Taking back the power we have handed to others restores our freedom and vitality. If you are ready and motivated to take back your power, consider these tasks to restore authenticity:
- Examine past experiences to reframe each loss, trauma, and discouraging episode so that we know that we are not defined by our past even if it takes years to do so.
- Make a clear demarcation between the choices that have been made in our past to live up to other’s expectations as distinct form the choices we are making now that are true to our real self.
- Take ownership of emotional intelligence, common sense, natural talent, and skill-sets in order to trust that we can live a life of authenticity.
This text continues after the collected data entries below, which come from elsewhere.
(* Let $x_0\in\mathbb{R}$, $r>0$, and let $F:(x_0-r,x_0+r)\to\mathbb{R}$ be of class $C^3$ with $F(x_0)=x_0$, $F'(x_0)=1$, $F''(x_0)<0$. Then there exists $r_1>0$ such that for every $x_1\in(x_0,x_0+r_1)$ the sequence defined by $x_{n+1}=F(x_n)$ satisfies $|x_n-x_0|\simeq n^{-1}$ as $n\to\infty$, the set $S(x_1)=\{x_n:n\ge1\}$ satisfies $\dim_BS(x_1)=\frac12$, and $S(x_1)$ is Minkowski nondegenerate. Analogously, if instead $F''(x_0)>0$, the same conclusions hold for every $x_1\in(x_0-r_1,x_0)$.
   Context: For sequences of positive reals, $a_n\simeq b_n$ as $n\to\infty$ means there exist constants $0<A\le B$ with $A\le a_n/b_n\le B$ for all $n$. For a bounded set $S\subset\mathbb{R}$ and $\varepsilon>0$, $S_\varepsilon=\{y: \mathrm{dist}(y,S)<\varepsilon\}$ and $|S_\varepsilon|$ is its Lebesgue measure. $\mathcal M^{*s}(S)=\limsup_{\varepsilon\to0}|S_\varepsilon|/\varepsilon^{1-s}$, $\mathcal M_*^{s}(S)=\liminf_{\varepsilon\to0}|S_\varepsilon|/\varepsilon^{1-s}$; $\overline{\dim}_BS=\inf\{s\ge0:\mathcal M^{*s}(S)=0\}$, $\underline{\dim}_BS=\inf\{s\ge0:\mathcal M_*^{s}(S)=0\}$, and $\dim_BS$ is their common value when equal. $S$ is Minkowski nondegenerate if there is $d\ge0$ with $0<\mathcal M_*^d(S)\le\mathcal M^{*d}(S)<\infty$. *)

From Stdlib Require Import Reals Lra.
Open Scope R_scope.

Definition asymp_equiv (a b : nat -> R) : Prop :=
  exists A B : R, 0 < A /\ A <= B /\
    forall n : nat, (1 <= n)%nat -> A <= a n / b n <= B.

Definition is_glb (E : R -> Prop) (m : R) : Prop :=
  (forall x, E x -> m <= x) /\ (forall b, (forall x, E x -> b <= x) -> b <= m).

(* Lebesgue (outer) measure: infimum of total lengths of countable covers
   by open intervals (a n, b n) with convergent length series. *)
Definition cover_length (A : R -> Prop) (l : R) : Prop :=
  exists a b : nat -> R,
    (forall n, a n <= b n) /\
    (forall x, A x -> exists n, a n < x < b n) /\
    infinite_sum (fun n => b n - a n) l.

Definition lebesgue_measure (A : R -> Prop) (m : R) : Prop :=
  is_glb (cover_length A) m.

Definition nbhd (S : R -> Prop) (eps : R) (y : R) : Prop :=
  exists x, S x /\ Rabs (y - x) < eps.

Definition mink_ratio (S : R -> Prop) (s eps q : R) : Prop :=
  exists m, lebesgue_measure (nbhd S eps) m /\ q = m / Rpower eps (1 - s).

(* M^{*s}(S) = 0, i.e. limsup_{eps->0} ratio = 0 (ratio is nonnegative). *)
Definition upper_content_zero (S : R -> Prop) (s : R) : Prop :=
  forall delta, 0 < delta -> exists eta, 0 < eta /\
    forall eps q, 0 < eps < eta -> mink_ratio S s eps q -> q < delta.

(* M_*^s(S) = 0, i.e. liminf_{eps->0} ratio = 0 (ratio is nonnegative). *)
Definition lower_content_zero (S : R -> Prop) (s : R) : Prop :=
  forall delta eta, 0 < delta -> 0 < eta ->
    exists eps q, 0 < eps < eta /\ mink_ratio S s eps q /\ q < delta.

Definition lower_content_pos (S : R -> Prop) (s : R) : Prop :=
  exists c eta, 0 < c /\ 0 < eta /\
    forall eps q, 0 < eps < eta -> mink_ratio S s eps q -> c <= q.

Definition upper_content_finite (S : R -> Prop) (s : R) : Prop :=
  exists C eta, 0 < eta /\
    forall eps q, 0 < eps < eta -> mink_ratio S s eps q -> q <= C.

Definition upper_box_dim (S : R -> Prop) (d : R) : Prop :=
  is_glb (fun s => 0 <= s /\ upper_content_zero S s) d.

Definition lower_box_dim (S : R -> Prop) (d : R) : Prop :=
  is_glb (fun s => 0 <= s /\ lower_content_zero S s) d.

Definition box_dim (S : R -> Prop) (d : R) : Prop :=
  upper_box_dim S d /\ lower_box_dim S d.

(* 0 < M_*^d(S) <= M^{*d}(S) < infinity for some d >= 0
   (the middle inequality liminf <= limsup always holds). *)
Definition minkowski_nondegenerate (S : R -> Prop) : Prop :=
  exists d, 0 <= d /\ lower_content_pos S d /\ upper_content_finite S d.

Definition orbit_set (x : nat -> R) : R -> Prop :=
  fun y => exists n, (1 <= n)%nat /\ y = x n.

Definition orbit_conclusions (x0 : R) (x : nat -> R) : Prop :=
  asymp_equiv (fun n => Rabs (x n - x0)) (fun n => / INR n) /\
  box_dim (orbit_set x) (1/2) /\
  minkowski_nondegenerate (orbit_set x).

(* Near a fixed point x0 with F'(x0) = 1 and F''(x0) <> 0, Taylor's formula
   gives, on the attracting side (sign sg = -sign F''(x0)), a two-sided bound
   be*(z-x0)^2 <= sg*(z - F z) <= al*(z-x0)^2.  For y_n = sg*(x_n - x0) this is
   the quadratic recurrence be*y_n^2 <= y_n - y_(n+1) <= al*y_n^2, whose
   reciprocals grow linearly: y_n ~ 1/n and the gaps satisfy y_n - y_(n+1) <= G/n^2. *)

From Stdlib Require Import Reals Lra Lia List ZArith Classical.
Open Scope R_scope.

(** * 1. Lebesgue measure of intervals and of explicit covers *)

Lemma partial_sum_le_sum (f : nat -> R) (l : R) :
  (forall n, 0 <= f n) -> infinite_sum f l -> forall n, sum_f_R0 f n <= l.
Proof.
  intros Hf Hs n. apply growing_ineq.
  - intro k. simpl. specialize (Hf (S k)). lra.
  - intros e He. destruct (Hs e He) as [N HN]. exists N. exact HN.
Qed.

Fixpoint list_length (a b : nat -> R) (L : list nat) : R :=
  match L with nil => 0 | n :: L' => (b n - a n) + list_length a b L' end.

Lemma list_length_app a b l1 l2 :
  list_length a b (l1 ++ l2) = list_length a b l1 + list_length a b l2.
Proof. induction l1; simpl; lra. Qed.

Lemma list_length_nonneg a b L : (forall n, a n <= b n) -> 0 <= list_length a b L.
Proof. intros H; induction L; simpl; [lra|]. specialize (H a0). lra. Qed.

Lemma list_length_seq a b K :
  list_length a b (seq 0 (S K)) = sum_f_R0 (fun n => b n - a n) K.
Proof.
  induction K; [simpl; lra|].
  rewrite seq_S, list_length_app, IHK. simpl. lra.
Qed.

(* Finitely many open intervals covering [u,v] have total length >= v - u.
   Induction on the number of intervals: remove the one containing v. *)
Lemma finite_cover_length (a b : nat -> R) : (forall n, a n <= b n) ->
  forall k (L : list nat), (length L <= k)%nat -> forall u v,
  (forall x, u <= x <= v -> exists n, In n L /\ a n < x < b n) ->
  v - u <= list_length a b L.
Proof.
  intros Hab k. induction k as [|k IH]; intros L HL u v Hc.
  - destruct L; [|simpl in HL; lia].
    destruct (Rle_dec u v) as [Huv|Huv]; [|simpl; lra].
    destruct (Hc u) as [n [[] _]]; lra.
  - destruct (Rle_dec u v) as [Huv|Huv].
    2:{ pose proof (list_length_nonneg a b L Hab). lra. }
    destruct (Hc v) as [j [Hj Hjv]]; [lra|].
    destruct (in_split j L Hj) as [l1 [l2 ->]].
    rewrite list_length_app. simpl.
    pose proof (list_length_nonneg a b l1 Hab).
    pose proof (list_length_nonneg a b l2 Hab).
    destruct (Rlt_le_dec (a j) u) as [Hau|Hau]; [lra|].
    assert (Hrest : a j - u <= list_length a b (l1 ++ l2)).
    { apply IH.
      - rewrite length_app in *. simpl in HL. lia.
      - intros x Hx. destruct (Hc x) as [n [Hn Hnx]]; [lra|].
        exists n. split; [|exact Hnx].
        apply in_app_or in Hn. apply in_or_app.
        destruct Hn as [Hn|[Hn|Hn]]; [now left|subst n; lra|now right]. }
    rewrite list_length_app in Hrest. lra.
Qed.

(* Heine-Borel: a countable open cover of [u,v] has a finite subcover,
   found by taking the supremum of the points up to which one exists. *)
Lemma finite_subcover (a b : nat -> R) (u v : R) : u <= v ->
  (forall x, u <= x <= v -> exists n, a n < x < b n) ->
  exists K, forall x, u <= x <= v -> exists n, (n < K)%nat /\ a n < x < b n.
Proof.
  intros Huv Hc.
  set (E := fun t => u <= t <= v /\ exists K, forall x, u <= x <= t ->
            exists n, (n < K)%nat /\ a n < x < b n).
  assert (Eu : E u).
  { split; [lra|]. destruct (Hc u) as [n0 Hn0]; [lra|]. exists (S n0).
    intros x Hx. exists n0. split; [lia|]. replace x with u by lra. exact Hn0. }
  assert (Hb : bound E) by (exists v; intros t [Ht _]; lra).
  destruct (completeness E Hb (ex_intro _ u Eu)) as [s [Hs1 Hs2]].
  assert (Hus : u <= s) by (apply Hs1; exact Eu).
  assert (Hsv : s <= v) by (apply Hs2; intros t [Ht _]; lra).
  destruct (Hc s) as [j Hj]; [lra|].
  assert (Ht : exists t, E t /\ a j < t).
  { apply NNPP. intro Hn.
    assert (s <= a j); [|lra].
    apply Hs2. intros t Et. destruct (Rle_dec t (a j)); [auto|].
    exfalso. apply Hn. exists t. split; [auto|lra]. }
  destruct Ht as [t [[Ht1 [K HK]] Hat]].
  (* the interval (a j, b j) extends the finite cover beyond s *)
  set (w := Rmin v ((s + b j)/2)).
  assert (Ew : E w).
  { split. { unfold w. split; [apply Rmin_case; lra|apply Rmin_l]. }
    exists (Nat.max K (S j)). intros x Hx.
    destruct (Rle_dec x t) as [Hxt|Hxt].
    - destruct (HK x) as [n [Hn1 Hn2]]; [lra|]. exists n. split; [lia|auto].
    - exists j. split; [lia|]. split; [lra|].
      assert (w <= (s + b j)/2) by apply Rmin_r. lra. }
  assert (Hws : w <= s) by (apply Hs1; exact Ew).
  unfold w in *. destruct (Rle_dec v ((s + b j)/2)) as [Hv|Hv].
  - rewrite Rmin_left in Ew by lra. destruct Ew as [_ [K' HK']]. exists K'. exact HK'.
  - rewrite Rmin_right in Hws by lra. lra.
Qed.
- Practice risking moving out of our comfort zone to step into the unknown to receive the reward of aliveness and excitement. The successes will motivate us to continue risking thereby growing even more courage.
- Congratulate ourselves for those changes that we make. Watch the evidence roll in that we are creating a different life, one that is tailor-made to fit us.
- When people around us are alarmed by our changes and call us selfish, we can take their feedback as validation that our commitment to authenticity is working, trusting that we will have more to give the people in our life when we are real.
- Discover our unique and special gifts to give the world and get busy living our purpose.
- Quiet down the clucks of any chickens around us that might dissuade us from our newly found identity that we truly are an eagle.
When we live an authentic life, it is contagious to those around us. Our engagement with life will often inspire the people who are closest to us so that they are motivated to move in that direction as well. When both members of a couple unite in a commitment to support each other to be genuine, each can evolve into the best version of themselves and the relationship will flourish.